Lemma adjoint_range_bound : closed_set ipW (op_range A) ->
  exists C, 0 < C /\ forall w, op_dom As w -> op_range A w ->
    hnorm ipW w <= C * hnorm ipU (op_app As w).
Proof.
move=> HR.
pose B w := op_dom As w /\ op_range A w /\ hnorm ipU (op_app As w) <= 1.
(* writing w0 = A u + q with q orthogonal to R(A), <w0, w> = <u, As w> on B *)
have weak w0 : exists M : R, forall w, B w -> `|ipW w0 w| <= M.
  have [q [[u [Du <-]] hq]] :=
    orth_proj_exists HiW (op_range_subspace HlA) w0 HW.2 HR.
  exists (hnorm ipU u) => w [Dw [Rw Aw_le1]].
  have -> : ipW w0 w = ipU u (op_app As w).
    have := hq w Rw; rewrite (ipDl HiW) (ipNl HiW) adjointP //.
    by move/eqP; rewrite subr_eq0 => /eqP.
  apply: le_trans (cauchy_schwarz_norm HiU _ _) _.
  by rewrite ler_piMr ?hnorm_ge0.
have [C hC] := weakly_bounded_bounded HiW HW.2 weak.
have C1_gt0 : 0 < `|C| + 1 by rewrite ltr_pwDr.
exists (`|C| + 1); split=> // w Dw Rw.
have [Aw0|Aw_neq0] := eqVneq (hnorm ipU (op_app As w)) 0.
  have Kw : op_ker As w by split=> //; apply: (hnorm_eq0 HiU Aw0).
  rewrite (orth_subspace_eq0 HiW Rw (ker_adjoint_orth_range Kw)).
  by rewrite (hnorm0 HiW) mulr_ge0 ?hnorm_ge0 ?ltW.
have Aw_gt0 : 0 < hnorm ipU (op_app As w) by rewrite lt_def Aw_neq0 hnorm_ge0.
set t := (hnorm ipU (op_app As w))^-1.
have t_gt0 : 0 < t by rewrite invr_gt0.
have Bt : B (t *: w).
  split; first exact: (subspaceZ (op_dom_subspace adjoint_linear) t Dw).
  split; first exact: (subspaceZ (op_range_subspace HlA) t Rw).
  by rewrite (op_appZ adjoint_linear t Dw) (hnormZ HiU) gtr0_norm // mulVf.
have := hC _ Bt; rewrite (hnormZ HiW) gtr0_norm // => htw.
rewrite -(ler_pM2l t_gt0) (le_trans htw) // mulrCA mulVf // mulr1.
by rewrite (le_trans (ler_norm C)) // lerDl.
Qed.

Lemma adjoint_range_closed : closed_set ipW (op_range A) -> closed_set ipU (op_range As).
Proof.
move=> HR u l hu hl.
have [C [C_gt0 hC]] := adjoint_range_bound HR.
have [v hv] := choice (fun n => adjoint_red_preimage HR (hu n)).
have Dv n : op_dom As (v n) by case: (hv n) => [[]].
have hcv : cauchy_seq ipW v.
  move=> eps eps_gt0.
  have [N hN] := conv_cauchy_seq (proj1 HU) hl (divr_gt0 eps_gt0 C_gt0).
  exists N => m n hm hn.
  have Dmn := subspaceB (op_dom_subspace adjoint_linear) (Dv m) (Dv n).
  have Rmn := subspaceB (op_range_subspace HlA) (hv m).1.2 (hv n).1.2.
  apply: le_lt_trans (hC _ Dmn Rmn) _.
  rewrite (op_appB adjoint_linear (Dv m) (Dv n)) (hv m).2 (hv n).2.
  by rewrite -ltr_pdivlMl // mulrC; apply: hN.
have [v0 hv0] := HW.2 _ hcv.
have hAv : converges ipU (fun n => op_app As (v n)) l.
  by move=> eps /hl [N hN]; exists N => n /hN; rewrite (hv n).2.
by have [Dv0 <-] := adjoint_closed Dv hv0 hAv; exists v0.
Qed.

Lemma red_preimage : closed_set ipW (op_range A) ->
  forall w, op_range A w -> exists u, op_dom (red A As) u /\ op_app A u = w.
Proof.
move=> HR _ [u0 [Du0 <-]].
exact: (proj_preimage HiU HU.2 HlA (op_range_subspace adjoint_linear)
  (adjoint_range_closed HR) orth_range_adjoint_ker Du0).
Qed.

(* with A u = w: |w|^2 = <u, As w> <= |u| |As w| <= c |w| |As w| *)
Lemma best_const_adjoint c : closed_set ipW (op_range A) ->
  best_const ipU ipW A As c ->
  forall w, op_dom (red As A) w -> hnorm ipW w <= c * hnorm ipU (op_app As w).
Proof.
move=> HR [c_gt0 [hc _]] w [Dw Rw].
have [u [Ru Auw]] := red_preimage HR Rw.
have hu : hnorm ipU u <= c * hnorm ipW w by rewrite -Auw; apply: hc.
have e : hnorm ipW w ^+ 2 = ipU u (op_app As w).
  by rewrite (hnorm_sqr HiW) -{1}Auw adjointP //; case: Ru.
have := cauchy_schwarz HiU u (op_app As w).
have := hnorm_ge0 ipW w; have := hnorm_ge0 ipU u; have := hnorm_ge0 ipU (op_app As w).
move: e hu; set a := hnorm ipW w; set b := hnorm ipU u; set d := hnorm ipU (op_app As w).
move=> e hu d_ge0 b_ge0 a_ge0 hcs.
have h3 : a ^+ 2 <= c * a * d by rewrite e (le_trans hcs) // ler_wpM2r.
have := mulr_ge0 (ltW c_gt0) d_ge0; nra.
Qed.

End Adjoint.

(** * Error analysis for closed-range pairs *)

Lemma attains_min_sqr (R : realType) (T : Type) (D : T -> Prop) (F : T -> R) a t0 :
  0 <= a -> D t0 -> F t0 = a -> (forall t, D t -> a <= F t) ->
  attains_min D (fun t => F t ^+ 2) (a ^+ 2) t0.
Proof.
move=> a_ge0 Dt0 Ft0 hF; split=> //; split=> [|t Dt]; first by rewrite Ft0.
by have := hF t Dt; nra.
Qed.

Lemma attains_max_gap (R : realType) (V : lmodType R) (ip : V -> V -> R) (T : Type)
    (D : T -> Prop) (G : T -> R) (v : T -> V) a t0 :
  is_inner ip -> D t0 -> v t0 = a ->
  (forall t, D t -> G t = 2 * ip a (v t) - ip (v t) (v t)) ->
  attains_max D G (hnorm ip a ^+ 2) t0.
Proof.
move=> Hip Dt0 vt0 hG.
have gap t : D t -> G t = hnorm ip a ^+ 2 - hnorm ip (a - v t) ^+ 2.
  by move=> Dt; rewrite hG // (hnorm_sqrB Hip) (hnorm_sqr Hip (v t)); ring.
split=> //; split=> [|t Dt]; first by rewrite gap // vt0 subrr (hnorm0 Hip) expr0n subr0.
by rewrite gap // lerBlDr lerDl exprn_ge0 ?hnorm_ge0.
Qed.

Lemma attains_min_eq (R : realType) (T : Type) (D : T -> Prop) (F G : T -> R) m t0 :
  (forall t, D t -> F t = G t) -> attains_min D F m t0 -> attains_min D G m t0.
Proof.
move=> FG [Dt0 [Ft0 hF]]; split=> //; split=> [|t Dt]; first by rewrite -FG.
by rewrite -FG ?hF.
Qed.

Lemma attains_max_eq (R : realType) (T : Type) (D : T -> Prop) (F G : T -> R) m t0 :
  (forall t, D t -> F t = G t) -> attains_max D F m t0 -> attains_max D G m t0.
Proof.
move=> FG [Dt0 [Ft0 hF]]; split=> //; split=> [|t Dt]; first by rewrite -FG.
by rewrite -FG ?hF.
Qed.

Record closed_range_pair (R : realType) (U W : lmodType R)
    (ipU : U -> U -> R) (ipW : W -> W -> R) (A : op U W) (As : op W U) (c : R) : Prop :=
  ClosedRangePair {
    crp_innerU : is_inner ipU;
    crp_innerW : is_inner ipW;
    crp_linear : linear_op A;
    crp_linear_adj : linear_op As;
    crp_adj : forall u w, op_dom A u -> op_dom As w ->
      ipW (op_app A u) w = ipU u (op_app As w);
    crp_ker_adj : forall w, orth ipW (op_range A) w -> op_ker As w;
    crp_ker : forall u, orth ipU (op_range As) u -> op_ker A u;
    crp_preimage : forall w, op_range A w ->
      exists u, op_dom (red A As) u /\ op_app A u = w;
    crp_preimage_adj : forall u, op_range As u ->
      exists w, op_dom (red As A) w /\ op_app As w = u;
    crp_const_gt0 : 0 < c;
    crp_bound : forall u, op_dom (red A As) u ->
      hnorm ipU u <= c * hnorm ipW (op_app A u);
    crp_bound_adj : forall w, op_dom (red As A) w ->
      hnorm ipW w <= c * hnorm ipU (op_app As w) }.

Lemma closed_range_pairP (R : realType) (U W : lmodType R)
    (ipU : U -> U -> R) (ipW : W -> W -> R) (A : op U W) (As : op W U) (c : R) :
  is_hilbert ipU -> is_hilbert ipW -> dd_closed ipU ipW A -> is_adjoint ipU ipW A As ->
  closed_set ipW (op_range A) -> best_const ipU ipW A As c ->
  closed_range_pair ipU ipW A As c.
Proof.
move=> HU HW HA HAs HR hc; split.
- exact: HU.1.
- exact: HW.1.
- exact: HA.1.
- exact: (adjoint_linear HU HW HA HAs).
- exact: (adjointP HAs).
- exact: (orth_range_ker_adjoint HU HW HA HAs).
- exact: (orth_range_adjoint_ker HU HW HA HAs).
- exact: (red_preimage HU HW HA HAs HR).
- exact: (adjoint_red_preimage HU HW HA HAs HR).
- exact: hc.1.
- exact: hc.2.1.
- exact: (best_const_adjoint HU HW HA HAs HR hc).
Qed.

Lemma closed_range_pair_sym (R : realType) (U W : lmodType R)
    (ipU : U -> U -> R) (ipW : W -> W -> R) (A : op U W) (As : op W U) (c : R) :
  closed_range_pair ipU ipW A As c -> closed_range_pair ipW ipU As A c.
Proof.
case=> HiU HiW HlA HlAs Hadj *; split=> // w u Dw Du.
by rewrite (ipC HiU) -Hadj // (ipC HiW).
Qed.

Section ClosedRangePairTheory.
Variables (R : realType) (U W : lmodType R) (ipU : U -> U -> R) (ipW : W -> W -> R).
Variables (A : op U W) (As : op W U) (c : R).
Hypothesis HA : closed_range_pair ipU ipW A As c.
Variable P : W -> W.
Hypothesis HP : is_orth_proj ipW (op_range A) P.
Let HiU := crp_innerU HA.
Let HiW := crp_innerW HA.
Let HlAs := crp_linear_adj HA.
Let HRA := op_range_subspace (crp_linear HA).
Local Notation nrU := (hnorm ipU).
Local Notation nrW := (hnorm ipW).

Lemma range_orth_ker_adj a w : op_range A a -> op_ker As w -> ipW a w = 0.
Proof. by move=> [u [Du <-]] [Dw Aw0]; rewrite (crp_adj HA) // Aw0 (ip0r HiU). Qed.

Lemma proj_ker_adj w : op_ker As w -> P w = 0.
Proof.
by move=> Kw; apply: (proj_eq0 HiW HRA HP) => a Ra; rewrite (ipC HiW) (range_orth_ker_adj Ra).
Qed.

Lemma ker_adj_sub_proj w : op_ker As (w - P w).
Proof. exact/(crp_ker_adj HA)/(proj_sub_orth HP). Qed.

--*--

* What is required: Output must consist only of the listing's lines from the first through the line with "by rewrite (hnorm0", reproduced word for word.

* Solution to this task:
Lemma adjoint_range_bound : closed_set ipW (op_range A) ->
  exists C, 0 < C /\ forall w, op_dom As w -> op_range A w ->
    hnorm ipW w <= C * hnorm ipU (op_app As w).
Proof.
move=> HR.
pose B w := op_dom As w /\ op_range A w /\ hnorm ipU (op_app As w) <= 1.
(* writing w0 = A u + q with q orthogonal to R(A), <w0, w> = <u, As w> on B *)
have weak w0 : exists M : R, forall w, B w -> `|ipW w0 w| <= M.
  have [q [[u [Du <-]] hq]] :=
    orth_proj_exists HiW (op_range_subspace HlA) w0 HW.2 HR.
  exists (hnorm ipU u) => w [Dw [Rw Aw_le1]].
  have -> : ipW w0 w = ipU u (op_app As w).
    have := hq w Rw; rewrite (ipDl HiW) (ipNl HiW) adjointP //.
    by move/eqP; rewrite subr_eq0 => /eqP.
  apply: le_trans (cauchy_schwarz_norm HiU _ _) _.
  by rewrite ler_piMr ?hnorm_ge0.
have [C hC] := weakly_bounded_bounded HiW HW.2 weak.
have C1_gt0 : 0 < `|C| + 1 by rewrite ltr_pwDr.
exists (`|C| + 1); split=> // w Dw Rw.
have [Aw0|Aw_neq0] := eqVneq (hnorm ipU (op_app As w)) 0.
  have Kw : op_ker As w by split=> //; apply: (hnorm_eq0 HiU Aw0).
  rewrite (orth_subspace_eq0 HiW Rw (ker_adjoint_orth_range Kw)).
  by rewrite (hnorm0 HiW) mulr_ge0 ?hnorm_ge0 ?ltW.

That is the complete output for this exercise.